なお、表4中、フォーム状態に関し「○」は、発泡完了後にガスが抜け、さらに、ポリウレタンフォームに沈み込みがなかったことを表す。
フォギング性に関し、「×」はガラス霞み度が92%未満であることを表し、「○」はガラス霞み度が92%以上であることを表す。
臭気強度に関し、「×」は臭気強度が2.7を超えていることを表し、「○」は臭気強度が2.7以下であることを表す。
臭質の快・不快度に関し、「×」は臭質の快・不快度が-1.5未満であることを表し、「○」は臭質の快・不快度が-1.5以上であることを表す。
さらに、燃焼試験に関し、「○」は、炎が第1標線(38mm)に到達する前に自己消化したことを表す。
【0069】
【0070】
(1)比較例1は、フォギング性、臭気強度、及び臭質の快・不快度のいずれも劣っていた。これは、TCPPの縮合体には約8mass%の未縮合のTCPPが含まれており、このTCPPがフォギング性、臭気強度、及び臭質の快・不快度を悪化させているためである。
(2)TCPPの縮合体とTEPを併用した実施例1、2は、いずれも、比較例1に比べて、難燃性を低下させることなく、フォギング性、臭気強度、及び臭質の快・不快度を改善することができた。これは、TCPPの縮合体とTEPを併用することによって、難燃性を低下させることなくTCPPの縮合体の配合量(すなわち、異臭の原因となるTCPPの含有量)を減らすことができるため、及び、TCPPの異臭がTEPの果実臭によりマスキングされるためである。
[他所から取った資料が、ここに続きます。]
Definition down (J : seq dpair) : seq dpair := [seq k <- all_dpairs | has (dle k) J].

Lemma mem_down J k : (k \in down J) = has (dle k) J.
Proof. by rewrite mem_filter mem_all_dpairs andbT. Qed.

Definition rel_of (P : seq dpair) : trel := icap (dsets @: [set k in P]).

Lemma in_rel_of P x : (x \in rel_of P) = all (fun k => x \in mc (dsets k).1 (dsets k).2) P.
Proof.
apply/bigcapP/allP => [H k kP|H _ /imsetP [k kP ->]]; last by apply: H; rewrite inE in kP.
by apply: (H (dsets k)); apply/imsetP; exists k; rewrite ?inE.
Qed.

Lemma rel_of_down J : rel_of (down J) = rel_of J.
Proof.
apply/setP => x; rewrite !in_rel_of; apply/allP/allP => H j jJ.
  by apply: H; rewrite mem_down; apply/hasP; exists j; rewrite ?dle_refl.
move: jJ; rewrite mem_down => /hasP [i iJ]; rewrite dleE => /andP [s1 s2].
exact: mc_anti s1 s2 (H i iJ).
Qed.

Lemma rel_of1 k : rel_of [:: k] = mc (dsets k).1 (dsets k).2.
Proof. by apply/setP => x; rewrite in_rel_of /= andbT. Qed.

Lemma mem_rel_of P k : down P = P ->
  (k \in P) = (((dsets k).1, ~: (dsets k).2) \notin rel_of P).
Proof.
move=> dP; rewrite in_rel_of -has_predC -{1}dP mem_down; apply: eq_has => j.
by rewrite /= mc_separation negbK dleE.
Qed.

Lemma rel_of_inj P P' : down P = P -> down P' = P' -> rel_of P = rel_of P' -> P = P'.
Proof.
move=> dP dP' E; rewrite -dP -dP'; apply: eq_filter => k.
by rewrite -!mem_down dP dP' !mem_rel_of // E.
Qed.

Fixpoint downsets (J : seq dpair) : seq (seq dpair) :=
  if J is j :: J' then
    let r := downsets J' in undup (r ++ [seq [seq k <- all_dpairs | dle k j || (k \in P)] | P <- r])
  else [:: [::]].

Lemma downsets_complete (p : pred dpair) J :
  [seq k <- all_dpairs | has (fun j => p j && dle k j) J] \in downsets J.
Proof.
elim: J => [|j J IH].
  by rewrite (@eq_filter _ _ pred0) // filter_pred0 mem_seq1.
set r := downsets J.
change (downsets (j :: J)) with
  (undup (r ++ [seq [seq k <- all_dpairs | dle k j || (k \in P)] | P <- r])).
rewrite mem_undup mem_cat; case pj: (p j).
  apply/orP; right; apply/mapP; eexists; first exact: IH.
  by apply: eq_filter => k; rewrite mem_filter mem_all_dpairs andbT /= pj.
apply/orP; left; congr (_ \in r): IH.
by apply: eq_filter => k; rewrite /= pj.
Qed.

(* Locked, so that unification never starts evaluating the enumeration. *)
Fact families_key : unit. Proof. by []. Qed.
Definition families : seq (seq dpair) :=
  locked_with families_key [seq P <- downsets all_dpairs | P != [::]].
Lemma familiesE : families = [seq P <- downsets all_dpairs | P != [::]].
Proof. exact: unlock. Qed.

Lemma families_down : all (fun P => down P == P) families.
Proof. rewrite familiesE; vm_cast_no_check (erefl true). Qed.

Lemma down_families J : J != [::] -> down J \in families.
Proof.
case: J => // j J _; rewrite familiesE mem_filter; apply/andP; split.
  have : j \in down (j :: J) by rewrite mem_down /= dle_refl.
  by case: (down _).
suff -> : down (j :: J) =
    [seq k <- all_dpairs | has (fun i => (i \in j :: J) && dle k i) all_dpairs].
  exact: downsets_complete.
apply: eq_filter => k; apply/hasP/hasP => -[i].
  by move=> iJ ki; exists i; rewrite ?iJ ?mem_all_dpairs.
by move=> _ /andP [iJ ki]; exists i.
Qed.
(* mu(gamma) = A gamma + mu0; A k j is the (k+1,j+1) entry *)
Definition mu_lin (A : nat -> nat -> R) (mu0 : nat -> R) (x : pt) (k : nat) : R :=
  A k 0%nat * gam x 0 + A k 1%nat * gam x 1 + A k 2%nat * gam x 2 + mu0 k.

Definition Cas (A : nat -> nat -> R) (mu0 : nat -> R) (x : pt) : R :=
  / 2 * sum_f_R0 (fun k => gam x k * sum_f_R0 (fun j => A k j * gam x j) 2) 2
  + sum_f_R0 (fun k => (Mc x k + mu0 k) * gam x k) 2.

(* Since mu is affine, Pi_mu is affine in x.  Differentiating the inner bracket
   in {f,{g,h}} therefore produces second derivatives of g and h, and constant
   derivatives of Pi_mu.  In the cyclic sum the second-derivative terms cancel
   pairwise by the symmetry of mixed partials, and the remaining terms form a
   polynomial identity in the gradients of f, g, h that holds when A is
   symmetric.  Conversely, the Jacobiator of the coordinate functions M1, M2, M3
   equals -(gamma1 (A32 - A23) + gamma2 (A13 - A31) + gamma3 (A21 - A12)), which
   vanishes on gamma != 0 only if A is symmetric. *)

From Stdlib Require Import Reals Lra Lia ClassicalEpsilon FunctionalExtensionality List.
Open Scope R_scope.

Lemma coord_upd x j t i :
  coord (upd x j t) i = if Nat.eqb (Nat.min i 5) (Nat.min j 5) then t else coord x i.
Proof. destruct i as [|[|[|[|[|[|i]]]]]]; destruct j as [|[|[|[|[|[|j]]]]]]; reflexivity. Qed.
(* Let $A$ be an infinite alphabet and let $M\in\mathbb{N}$ with $M\geq 1$. Let $\tilde f:A^{M+2}\to\{0,1\}$ be a map satisfying: (1) there exist $x_1,\dots,x_M\in A$ such that there are infinitely many $x_{M+1}\in A$ for which $$1=\tilde f(x_1,x_2,\dots,x_M,x_{M+1},x_1)=\tilde f(x_2,x_3,\dots,x_{M+1},x_1,x_2)=\cdots=\tilde f(x_M,x_{M+1},x_1,\dots,x_M)=\tilde f(x_{M+1},x_1,x_2,\dots,x_{M+1}),$$ i.e. $\tilde f$ takes the value $1$ on each of the $M+1$ words of length $M+2$ obtained by reading $M+2$ consecutive letters of the periodic sequence $x_1x_2\cdots x_Mx_{M+1}x_1x_2\cdots$ starting at positions $1,2,\dots,M+1$; (2) for each $(x_1,\dots,x_{M+1})\in A^{M+1}$ there are only finitely many $x_{M+2}\in A$ with $\tilde f(x_1,\dots,x_{M+1},x_{M+2})=1$. Let $f$ be the $(M+1)$-step shift map induced by $\tilde f$ and $X_f$ the associated $(M+1)$-step shift space. Then $X_f$ is not conjugate to any $M$-step shift space (over any alphabet $B$).
   Context: Following Ott–Tomforde–Willis. For an alphabet $A$, let $\emptyset$ denote the empty sequence, $\Sigma_A^{fin}=\{\emptyset\}\cup\bigcup_{k\ge1}A^k$, $\Sigma_A^{inf}=A^{\mathbb N}$. The full shift is $\Sigma_A=\Sigma_A^{inf}$ if $A$ is finite and $\Sigma_A=\Sigma_A^{inf}\cup\Sigma_A^{fin}$ if $A$ is infinite. The length $l(x)$ is $k$ if $x\in A^k$ (with $l(\emptyset)=0$) and $\infty$ if $x\in\Sigma_A^{inf}$. The topology on $\Sigma_A$ has as basis the generalized cylinders $Z(x,F)=\{y\in\Sigma_A: y_i=x_i\ (1\le i\le k),\ y_{k+1}\notin F\}$ for $x=(x_1,\dots,x_k)\neq\emptyset$ and finite $F\subseteq A$, and $Z(\emptyset,F)=\{y\in\Sigma_A: y_1\notin F\}$ (the condition $y_{k+1}\notin F$ is vacuous when $F=\emptyset$; when $F\ne\emptyset$ it requires $l(y)\ge k+1$ or... precisely, $y$ of length $k$ belongs to $Z(x,F)$ as $y_{k+1}$ does not exist). The shift map $\sigma$ deletes the first letter (and sends $\emptyset$ and length-one words to $\emptyset$). A subblock of $x\in\Sigma_A$ is $u\in\Sigma_A^{fin}$ with $x=vuz$ for some $v\in\Sigma_A^{fin}$, $z\in\Sigma_A$. For $f:\bigcup_{k\ge1}A^k\to\{0,1\}$, let $X_f^{inf}=\{x\in\Sigma_A^{inf}: f(u)=1$ for every nonempty subblock $u$ of $x\}$, $X_f^{fin}=\{x\in\Sigma_A^{fin}:$ there are infinitely many $a\in A$ for which some $y\in\Sigma_A^{inf}$ has $xay\in X_f^{inf}\}$, and $X_f=X_f^{inf}\cup X_f^{fin}$. Given $N\ge0$ and $\tilde f:A^{N+1}\to\{0,1\}$, the $N$-step shift map induced by $\tilde f$ is $f(x)=1$ if $|x|\le N$ and $f(x)=\prod_{i=1}^{|x|-N}\tilde f(x_i,\dots,x_{N+i})$ if $|x|\ge N+1$. A subset of $\Sigma_A$ is an $N$-step shift space iff it equals $X_f$ for some $N$-step shift map $f$ induced by some $\tilde f:A^{N+1}\to\{0,1\}$ (equivalently, it is the shift space defined by a set of forbidden words all of length $N+1$). A conjugacy between shift spaces $\Lambda\subseteq\Sigma_A$ and $Y\subseteq\Sigma_B$ is a bijection $\phi:\Lambda\to Y$ that is continuous, commutes with the shift maps, and satisfies $l(\phi(x))=l(x)$ for all $x\in\Lambda$. *)

From Stdlib Require Import List Arith Bool.
Import ListNotations.
Set Implicit Arguments.
Lemma level_event_cover t c w : 0 < c -> 0 <= t ->
  0 < Rv w -> (forall k, 0 <= X k w) ->
  exists j, forall m, rart_partial_sum Rv X w m <= t ->
    forall n, (n < m)%N -> level_event t c j n w.
Proof.
move=> c0 t0 Rv0 X0; have [j Rj] := dyadic_level_exists c0 Rv0.
exists j => m Sm n nm; have a0 := dyadic_gt0 c j c0.
rewrite /level_event; case: ltnP => [_|Mn]; first exact: Rj.
have Sn : rart_partial_sum Rv X w n <= t.
  exact: le_trans (rart_partial_sum_le (ltW Rv0) X0 (ltnW nm)) Sm.
exists [set k : 'I_n | X k w < dyadic c j]%SET.
  exact: (partial_sum_le_half_small (ltW Rv0) X0 t0 a0 (dyadic_level_ge Rj) Sn Mn).
move=> i /=; rewrite /rart_coords inE => /orP[/eqP -> //|/mapP[k]].
by rewrite mem_enum inE => Xk ->; rewrite /= in_itv /= X0.
Qed.

End level_events.

Section level_event_probability.
Local Open Scope ereal_scope.
Context {d} {T : measurableType d} {R : realType} (P : probability T R).
Variables (X : nat -> {mfun T >-> R}) (Rv : {mfun T >-> R}).
Local Notation Xf := (fun k => X k : T -> R).

Lemma measurable_short_lifetimes (c : R) j n (A : {set 'I_n}) :
  measurable (short_lifetimes Rv Xf c j A).
Proof.
apply: fin_bigcap_measurable; first exact: finite_seq.
by move=> [|i] _; apply: measurable_funPTI; exact: measurable_level_window.
Qed.

Lemma measurable_level_event (t c : R) j n :
  measurable (level_event Rv Xf t c j n).
Proof.
rewrite /level_event; case: ifP => _.
  by apply: measurable_funPTI; exact: measurable_dyadic_level.
apply: fin_bigcup_measurable; first exact: finite_finset.
by move=> A _; exact: measurable_short_lifetimes.
Qed.

Hypothesis indep : mutually_independent P (rart_family Rv Xf).
Context {c : R} {j : nat} {b p : R}.
Hypotheses (b0 : (0 <= b)%R) (p0 : (0 <= p)%R) (p_small : (p <= 16^-1)%R).
Hypothesis PRv : P (Rv @^-1` dyadic_level c j) <= b%:E.
Hypothesis PX : forall k, P (X k @^-1` `[0%R, dyadic c j[) <= p%:E.

Lemma short_lifetimes_prob_le {n} (A : {set 'I_n}) :
  P (short_lifetimes Rv Xf c j A) <= (b * p ^+ #|A|)%:E.
Proof.
rewrite /short_lifetimes indep; last 2 first.
- rewrite /rart_coords /= map_inj_uniq ?enum_uniq ?andbT.
    by apply/mapP => -[].
  by move=> k l [] /val_inj.
- exact: measurable_level_window.
rewrite /rart_coords big_cons big_map EFinM lee_pmul//; first exact: prode_ge0.
by rewrite cardE; apply: prode_le_expr => // k; rewrite measure_ge0 PX.
Qed.

(* Each of the [2^n] sets [A] with [n <= 2 #|A|] costs at most
   [b (16^-1)^(n/2) = b 4^-n]. *)
Lemma level_event_prob_le t n :
  P (level_event Rv Xf t c j n) <=
  (b * ((n < rart_threshold t (dyadic c j))%N%:R + 2^-1 ^+ n))%:E.
Proof.
rewrite /level_event; case: ifP => small_n.
  by apply: le_trans PRv _; rewrite lee_fin mulrDr mulr1 lerDl mulr_ge0// exprn_ge0.
rewrite (_ : [set A | _] = [set A | A \in index_enum {set 'I_n} /\ (n <= 2 * #|A|)%N]);
  last by apply/seteqP; split => A /=; rewrite mem_index_enum//; case.
apply: le_trans (measure_bigcup_seq_le P _ _ _ (@measurable_short_lifetimes c j n)) _.
apply: (@le_trans _ _ (\sum_(A : {set 'I_n}) (b * 4^-1 ^+ n)%:E)).
  rewrite big_mkcond /=; apply: lee_sum => A _; case: ifPn => half_A; last first.
    by rewrite lee_fin mulr_ge0// exprn_ge0.
  apply: le_trans (short_lifetimes_prob_le A) _; rewrite lee_fin ler_wpM2l//.
  apply: (@le_trans _ _ (16^-1 ^+ #|A|)%R); first by rewrite lerXn2r// nnegrE.
  rewrite (_ : 16^-1 = 4^-1 ^+ 2)%R; last by rewrite exprVn -natrX.
  by rewrite -exprM ler_wiXn2l// invf_le1// ler1n.
rewrite sumEFin sumr_const card_set_of card_ord lee_fin -mulrnAr ler_wpM2l//= add0r.
rewrite -mulr_natr natrX -exprMn lerXn2r ?nnegrE//.
by rewrite le_eqVlt; apply/orP; left; apply/eqP; field.
Qed.

Lemma level_event_series_le t (N0 : set T) : measurable N0 -> P N0 = 0 ->
  \sum_(n <oo) P (level_event Rv Xf t c j n `|` N0) <=
  (b * ((rart_threshold t (dyadic c j))%:R + 2))%:E.
Proof.
move=> mN0 PN0; apply: le_trans _ (eseries_threshold_geometric_le _ _ b0).
apply: lee_nneseries => [n _ _ //|n _]; apply: le_trans (level_event_prob_le t n).
apply: le_trans (measureU2 _ _ _) _ => //; first exact: measurable_level_event.
by rewrite [X in _ + X <= _](_ : _ = 0) ?adde0.
Qed.

End level_event_probability.

Section expected_renewals.
Local Open Scope ereal_scope.
Context {d} {T : measurableType d} {R : realType} (P : probability T R).
Context {X : nat -> {mfun T >-> R}} {Rv : {mfun T >-> R}}.
Local Notation Xf := (fun k => X k : T -> R).
Hypothesis indep : mutually_independent P (rart_family Rv Xf).
Context {N0 : set T} {t c : R} {b p : nat -> R}.
Hypotheses (mN0 : measurable N0) (PN0 : P N0 = 0).
Hypothesis good : forall w, ~ N0 w -> (0 < Rv w)%R /\ forall k, (0 <= X k w)%R.
Hypotheses (t0 : (0 <= t)%R) (c0 : (0 < c)%R).
Hypotheses (b0 : forall j, (0 <= b j)%R) (p0 : forall j, (0 <= p j)%R).
Hypothesis p_small : forall j, (p j <= 16^-1)%R.
Hypothesis PRv : forall j, P (Rv @^-1` dyadic_level c j) <= (b j)%:E.
Hypothesis PX : forall j k, P (X k @^-1` `[0%R, dyadic c j[) <= (p j)%:E.

Let level_count j w :=
  \sum_(n <oo) (\1_(level_event Rv Xf t c j n `|` N0) w : R)%:E.

Let level_count_ge0 j w : 0 <= level_count j w.
Proof. by apply: nneseries_ge0 => n _ _; rewrite lee_fin indicE ler0n. Qed.

Lemma rart_N_le_level_counts w :
  rart_N Rv Xf t w <= \sum_(j <oo) level_count j w.
Proof.
have [j cover] : exists j, forall m, (rart_partial_sum Rv Xf w m <= t)%R ->
    forall n, (n < m)%N -> (level_event Rv Xf t c j n `|` N0) w.
  have [N0w|/good[Rv0 X0]] := pselect (N0 w); first by exists 0%N => *; right.
  have [j cover] := level_event_cover Rv Xf t c w c0 t0 Rv0 X0.
  by exists j => m Sm n nm; left; exact: cover Sm n nm.
apply: le_trans (rart_N_le_count cover) _.
exact: nneseries_ge_term (level_count_ge0 ^~ w).
Qed.

Lemma integral_rart_N_le : \int[P]_w rart_N Rv Xf t w <=
  \sum_(j <oo) (b j * ((rart_threshold t (dyadic c j))%:R + 2))%:E.
Proof.
have mE j n : measurable (level_event Rv Xf t c j n `|` N0).
  exact: measurableU (measurable_level_event X Rv t c j n) mN0.
apply: le_trans (ge0_le_integralT P (fun w => rart_N_ge0 t w t0)
  rart_N_le_level_counts) _.
rewrite integral_nneseries//; last first.
  move=> j; apply: ge0_emeasurable_sum => [n w _|n _]; last first.
    exact/measurable_EFinP/measurable_indic.
  by rewrite lee_fin indicE ler0n.
apply: lee_nneseries => [j _ _|j _]; first exact: integral_ge0.
rewrite /level_count integral_nneseries// => [|n]; last first.
  exact/measurable_EFinP/measurable_indic.
apply: le_trans (level_event_series_le P X Rv indep (b0 j) (p0 j) (p_small j)
  (PRv j) (PX j) t N0 mN0 PN0).
apply: lee_nneseries => [n _ _|n _]; first exact: integral_ge0.
by rewrite integral_indic// setIT.
Qed.

End expected_renewals.

Section distributions.
Local Open Scope ereal_scope.
Context {d} {T : measurableType d} {R : realType} (P : probability T R).

Lemma prob_exponential_lt_le {lam a : R} {Y : {mfun T >-> R}} : (0 < a)%R ->
  (forall B, measurable B -> P (Y @^-1` B) = exponential_prob lam B) ->
  P (Y @^-1` `[0%R, a[) <= (lam * a)%:E.
Proof.
move=> a0 lawY; apply: (@le_trans _ _ (P (Y @^-1` `[0%R, a]))).
  apply: le_measure; rewrite ?inE; try exact: measurable_funPTI.
  by move=> w /=; rewrite !in_itv /= => /andP[-> /ltW ->].
rewrite lawY// exponential_prob_itv0c// lee_fin lerBlDr addrC -lerBlDr.
by have := expR_ge1Dx (- lam * a); rewrite mulNr.
Qed.

Lemma rart_good_outside_null {lam : R} {X : nat -> {mfun T >-> R}}
    {Rv : {mfun T >-> R}} {f : R -> R} :
  (forall k B, measurable B -> P (X k @^-1` B) = exponential_prob lam B) ->
  (forall B, measurable B ->
     P (Rv @^-1` B) = \int[lebesgue_measure]_(x in B `&` `]0%R, +oo[) (f x)%:E) ->
  exists N0 : set T, [/\ measurable N0, P N0 = 0 &
    forall w, ~ N0 w -> (0 < Rv w)%R /\ forall k, (0 <= X k w)%R].
Proof.
move=> lawX lawR.
have Rv_le0 : P.-negligible (Rv @^-1` `]-oo, 0%R]).
  exists (Rv @^-1` `]-oo, 0%R]); split => //; first exact: measurable_funPTI.
  rewrite lawR// (_ : _ `&` _ = set0) ?integral_set0//.
  apply/seteqP; split => // x []; rewrite /= !in_itv /= andbT.
  by move=> /le_lt_trans/[apply]; rewrite ltxx.
have X_lt0 k : P.-negligible (X k @^-1` `]-oo, 0%R[).
  exists (X k @^-1` `]-oo, 0%R[); split => //; first exact: measurable_funPTI.
  rewrite lawX// /exponential_prob integral0_eq// => x /=.
  by rewrite in_itv /= => /lt0_exponential_pdf ->.
have [N0 [mN0 PN0 bad]] := negligibleU Rv_le0 (negligible_bigcup X_lt0).
exists N0; split => // w N0w; split.
  by rewrite ltNge; apply/negP => Rw; apply: N0w; apply: bad; left; rewrite /= in_itv.
move=> k; rewrite leNgt; apply/negP => Xw; apply: N0w; apply: bad; right.
by exists k => //=; rewrite in_itv.
Qed.

End distributions.

Definition level_mass {R : realType} (c eps : R) j : R :=
  if j is j'.+1 then dyadic c j' `^ eps * dyadic c j else 1.

(* Level [j.+1] lies in [(0, delta)], where the density is below
   [(dyadic c j) `^ eps], and it has length [dyadic c j.+1]. *)
Lemma prob_dyadic_level_le {d} {T : measurableType d} {R : realType}
    (P : probability T R) (Rv : {mfun T >-> R}) (f : R -> R) (eps delta c : R) j :
  0 < c -> c <= delta -> 0 <= eps ->
  measurable_fun (`]0, +oo[ : set R) f -> (forall x, 0 < x -> 0 <= f x) ->
  (forall B, measurable B ->
     P (Rv @^-1` B) =
     (\int[lebesgue_measure]_(x in B `&` (`]0%R, +oo[ : set R)) (f x)%:E)%E) ->
  (forall r, 0 < r -> r < delta -> f r < r `^ eps) ->
  (P (Rv @^-1` dyadic_level c j) <= (level_mass c eps j)%:E)%E.
Proof.
move=> c0 c_delta eps0 mf f0 lawR f_small.
case: j => [|j].
  by apply: probability_le1; apply: measurable_funPTI; exact: measurable_dyadic_level.
have a0 := dyadic_gt0 c j.+1 c0; have a_le := dyadic_le c j c0.
set D := dyadic_level c j.+1 `&` (`]0%R, +oo[ : set R).
have mD : measurable D :=
  measurableI _ _ (measurable_dyadic_level _ _) (measurable_itv _).
rewrite lawR; last exact: measurable_dyadic_level.
apply: (@le_trans _ _ (\int[lebesgue_measure]_(x in D) (dyadic c j `^ eps)%:E)%E).
  apply: ge0_le_integral => //.
  - by move=> x [_]; rewrite /= in_itv /= andbT => x0; rewrite lee_fin f0.
  - by apply/measurable_EFinP; apply: measurable_funS mf => // x [].
  - move=> x [] /=; rewrite !in_itv /= andbT => /andP[_ xa] x0.
    rewrite lee_fin (le_trans (ltW (f_small x x0 _)))//.
      exact: lt_le_trans xa (le_trans a_le c_delta).
    by rewrite ge0_ler_powR// ?nnegrE ltW// (lt_trans x0 xa).
rewrite integral_cst// EFinM /level_mass lee_wpmul2l ?lee_fin ?powR_ge0//.
apply: (@le_trans _ _ (lebesgue_measure (dyadic_level c j.+1))).
  by apply: le_measure; rewrite ?inE//; [exact: measurable_dyadic_level|exact: subIsetl].
rewrite lebesgue_measure_itv /= lte_fin [dyadic c j]dyadicS ltr_pMl ?ltr1n//=.
by rewrite -EFinD lee_fin; lra.
Qed.

Lemma level_mass_ge0 {R : realType} (c eps : R) j : 0 < c -> 0 <= level_mass c eps j.
Proof. by case: j => [|j] c0 //=; rewrite mulr_ge0 ?powR_ge0// ltW// dyadic_gt0. Qed.

Section level_weights.
Context {R : realType} {t c eps : R}.
Hypotheses (t0 : 0 <= t) (c0 : 0 < c) (eps0 : 0 < eps).

Lemma level_weights_geometric : exists K r : R, [/\ 0 <= K, 0 < r, r < 1 &
  forall j, level_mass c eps j * ((rart_threshold t (dyadic c j))%:R + 2) <=
    K * r ^+ j].
Proof.
have tc0 : 0 <= 2 * t + 3 * c by rewrite addr_ge0// mulr_ge0// ltW.
have r0 : 0 < 2^-1 `^ eps :> R by rewrite powR_gt0// invr_gt0.
have r1 : 2^-1 `^ eps < 1 :> R.
  have one : 1 `^ eps = 1 :> R by rewrite powR1.
  by rewrite -[ltRHS]one gt0_ltr_powR ?nnegrE ?invr_ge0 ?invf_lt1 ?ltr1n.
exists (((rart_threshold t c)%:R + 2) + c `^ eps * (2 * t + 3 * c) / 2^-1 `^ eps).
have K1_ge0 : 0 <= c `^ eps * (2 * t + 3 * c) / 2^-1 `^ eps.
  exact: divr_ge0 (mulr_ge0 (powR_ge0 _ _) tc0) (ltW r0).
exists (2^-1 `^ eps); split => //; first by rewrite addr_ge0.
case=> [|j]; first by rewrite /= mul1r expr0 mulr1 /dyadic expr0 mulr1 lerDl.
rewrite /level_mass -mulrA.
apply: (@le_trans _ _ (dyadic c j `^ eps * (2 * t + 3 * c))).
  rewrite ler_wpM2l ?powR_ge0//.
  apply: le_trans (rart_threshold_mul_le t0 (dyadic_gt0 c j.+1 c0)) _.
  by rewrite lerD2l ler_wpM2l// dyadic_le.
rewrite /dyadic (powRM _ (ltW c0)) ?exprn_ge0 ?invr_ge0//.
have -> : (2^-1 ^+ j) `^ eps = (2^-1 `^ eps) ^+ j :> R.
  by rewrite -powR_mulrn ?invr_ge0// -powRrM mulrC powRrM powR_mulrn// powR_ge0.
apply: (@le_trans _ _ (c `^ eps * (2 * t + 3 * c) / 2^-1 `^ eps * 2^-1 `^ eps ^+ j.+1)).
  rewrite [leRHS](_ : _ = c `^ eps * 2^-1 `^ eps ^+ j * (2 * t + 3 * c))//.
  by rewrite exprS; field; rewrite gt_eqF.
by rewrite ler_wpM2r ?lerDr ?addr_ge0// exprn_ge0// ltW.
Qed.
(* If $A\subseteq\mathbb{N}$ is $D$-w.e.u., then there is a disjoint strong array intersecting $\overline{A}=\mathbb{N}\setminus A$; that is, there is a computable $h\colon\mathbb{N}\to\mathfrak{P}_{\mathrm{fin}}(\mathbb{N})$ with $h(n)\cap h(m)=\emptyset$ for all $n\neq m$ and such that for every $n$ there is $z\in h(n)$ with $z\notin A$.
   Context: $\varphi_0,\varphi_1,\ldots$ is a standard acceptable enumeration of the partial computable functions $\mathbb{N}\to\mathbb{N}$, $\mathbb{1}_A$ the characteristic function of $A$. $\mathfrak{P}_{\mathrm{fin}}(\mathbb{N})$ is the set of finite subsets of $\mathbb{N}$; $f\colon\mathbb{N}\to\mathfrak{P}_{\mathrm{fin}}(\mathbb{N})$ is computable if $e\mapsto$ (canonical index of $f(e)$) is computable. A recursively enumerable $A$ is $D$-w.e.u. if there is a computable $f\colon\mathbb{N}\to\mathfrak{P}_{\mathrm{fin}}(\mathbb{N})$ such that for all $e$: if $\varphi_e(z)$ is defined for all $z\in f(e)$, then there is $z\in f(e)$ with $\varphi_e(z)\neq\mathbb{1}_A(z)$. *)

(* A concrete model of partial computable
   functions: Kleene mu-recursive function terms, Goedel-numbered via
   MathComp's countable encoding of generic trees. *)
From mathcomp Require Import all_boot.

Set Implicit Arguments.
Unset Strict Implicit.
Unset Printing Implicit Defensive.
(3)実施例1、2は、難燃剤の合計添加量が少なくなることで密度が低下し、かつ、引張強度も増加した。実施例2については、さらに、比較例1よりも伸びが大きくなり、かつ、圧縮残留歪が小さくなった。
【0071】
以上、本発明の実施の形態について詳細に説明したが、本発明は上記実施の形態に何ら限定されるものではなく、本発明の要旨を逸脱しない範囲内で種々の改変が可能である。
【産業上の利用可能性】
【0072】
本発明に係るポリウレタンフォームは、自動車や航空機の内装材、OA機器や電気製品の制震材や防音材などに使用することができる。